LXXXV. Daulis.—The situation of ancient Daulis is exceedingly beautiful. It occupied the broad but somewhat uneven summit of a fine massive hill, which rises abruptly from the glens at the eastern foot of Parnassus. Everywhere the sides of the hill—which in the grandeur of its outlines deserves almost to rank as a mountain—are high and steep, except at a single point on the west where a narrow ridge connects it with the main mass of Parnassus. On the south the hill falls away in sheer and lofty precipices of grey rock into a deep romantic glen, the sides of which, where they are not precipitous, are mantled with dark green shrubbery.
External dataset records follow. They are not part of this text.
(* For every sequent $\Gamma\Rightarrow\Delta$: if $\mathsf{Grz_{Seq}}+\mathsf{cut}\vdash\Gamma\Rightarrow\Delta$, then $\mathsf{Grz_{Seq}}\vdash\Gamma\Rightarrow\Delta$.
   Context: Formulas are built from $\bot$ and atomic propositions using $\to$ and $\Box$. A sequent is $\Gamma\Rightarrow\Delta$ with $\Gamma,\Delta$ finite multisets of formulas; $\Box\Pi$ denotes the multiset $\{\Box B:B\in\Pi\}$. The (ordinary, finite-proof) sequent calculus $\mathsf{Grz_{Seq}}$ has initial sequents $\Gamma,A\Rightarrow A,\Delta$ (any formula $A$) and $\Gamma,\bot\Rightarrow\Delta$, and rules: $(\to_L)$ from $\Gamma,B\Rightarrow\Delta$ and $\Gamma\Rightarrow A,\Delta$ infer $\Gamma,A\to B\Rightarrow\Delta$; $(\to_R)$ from $\Gamma,A\Rightarrow B,\Delta$ infer $\Gamma\Rightarrow A\to B,\Delta$; $(\mathsf{refl})$ from $\Gamma,B,\Box B\Rightarrow\Delta$ infer $\Gamma,\Box B\Rightarrow\Delta$; $(\Box_{\mathsf{Grz}})$ from $\Box\Pi,\Box(A\to\Box A)\Rightarrow A$ infer $\Gamma,\Box\Pi\Rightarrow\Box A,\Delta$. The system $\mathsf{Grz_{Seq}}+\mathsf{cut}$ adds the rule $(\mathsf{cut})$: from $\Gamma\Rightarrow A,\Delta$ and $\Gamma,A\Rightarrow\Delta$ infer $\Gamma\Rightarrow\Delta$. Provability means existence of a finite derivation tree. *)

From Stdlib Require Import List Permutation.
Import ListNotations.

Inductive form : Type :=
| Bot : form
| Atom : nat -> form
| Imp : form -> form -> form
| Box : form -> form.
Lemma J2mx_invertible3 X : (forall i j, is_unit (X i j)) ->
  is_unit (corner_qdet X ord0 ord0) ->
  mx_invertible (J2mx X) <->
  is_unit (schur2 (corner_qdet X ord0 ord0) (corner_qdet X ord_max ord0)
                  (corner_qdet X ord0 ord_max) (corner_qdet X ord_max ord_max)).
Proof.
move=> uX uC.
have uu i : is_unit (uinv (X ord0 i)) := is_unit_uinv (uX _ _).
have uv i : is_unit (uinv (X i ord0)) := is_unit_uinv (uX _ _).
have uJ : is_unit (J2mx X ord0 ord0) by rewrite mxE; exact: is_unit_uinv.
have u00 : is_unit (uinv (X ord0 (lift ord0 ord0)) * corner_qdet X ord0 ord0 *
                    uinv (X (lift ord0 ord0) ord0)) by rewrite is_unit_mulLR.
rewrite (@schur00_invertible R 2 _ uJ) mx_invertible2; last first.
  by rewrite schur00_J2mx // is_unitN.
by rewrite !schur00_J2mx // schur2_opp // schur2_scale // is_unitN is_unit_mulLR.
Qed.

Lemma J2mx_invertibleV M A : M *m A = 1%:M -> A *m M = 1%:M ->
  (forall i j, is_unit (M i j)) -> (forall i j, is_unit (A i j)) ->
  mx_invertible (J2mx M) <-> mx_invertible (J2mx A).
Proof.
move=> MA AM uM uA; have CMA := corner_qdet_mulV MA AM uM uA.
have uCM l k : is_unit (corner_qdet M l k).
  have [CA AC] := CMA (lift k ord0) (lift l ord0).
  by rewrite !lift_ord0K in CA AC; exists (corner_qdet A (lift k ord0) (lift l ord0)).
have CAE l k : corner_qdet A l k = uinv (corner_qdet M (lift k ord0) (lift l ord0)).
  by have [CA AC] := CMA l k; symmetry; apply: uinv_eq.
have uCA l k : is_unit (corner_qdet A l k) by rewrite CAE; exact: is_unit_uinv.
rewrite J2mx_invertible3 // J2mx_invertible3 // !CAE.
rewrite lift_ord0_ord0 lift_ord_max_ord0 schur2_uinv //.
by rewrite is_unitN is_unit_mulLR //; exact: is_unit_uinv.
Qed.

Lemma jacobi_J2mx (M A N : 'M[R]_3) : M *m A = 1%:M -> A *m M = 1%:M ->
  (forall i j, is_unit (A i j)) -> J2mx A *m N = 1%:M -> N *m J2mx A = 1%:M ->
  forall i j, is_unit (M i j) <-> is_unit (N j i).
Proof.
move=> MA AM uA JN NJ i j.
rewrite (@jacobi_unit R 2 A M) // (@jacobi_unit R 2 (J2mx A) N) // mxsub_J2mx.
by rewrite -mx_invertible2_J2mx // => a b; rewrite mxE.
Qed.

End Inverse3.

Section Iterates.
Variables (T : Type) (f : pmap T T).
Beyond the ridge to the west soar the immense grey precipitous slopes of Parnassus, mottled here and there with dark pines. High up on its side is seen a white monastery at the mouth of a dark gorge, through which a path ascends to the summit. In the hollow between the hill of Daulis and these great slopes, a mill nestles picturesquely among trees; the water is led to it in a mill-race. Northward the ruined walls of Daulis, here thickly overgrown with ivy and holly-oak, look across a deep dell to the pretty village of Davlia, embowered among trees and gardens on the opposite hill-side. The descent to the valley on this side is steep and bushy, but not precipitous, except where a line of rocks runs obliquely up it on the north-west. Here and there in the valley the last slopes of the hill are terraced and planted with vines. At the eastern foot of the hill begins the great plain—the scene of so many famous battles—which stretches away for miles past the ruins of Panopeus and Chaeronea until at Orchomenus it melts into the still vaster expanse of the Copaic plain. To the south-east, beyond an intervening range of low hills, appears the sharp outline of Helicon. In this direction, at the southern end of the narrow valley which divides these low hills from the mighty steeps of Parnassus, is the famous Cleft Way, where Oedipus is said to have done the dark deed that was the beginning of all his woes.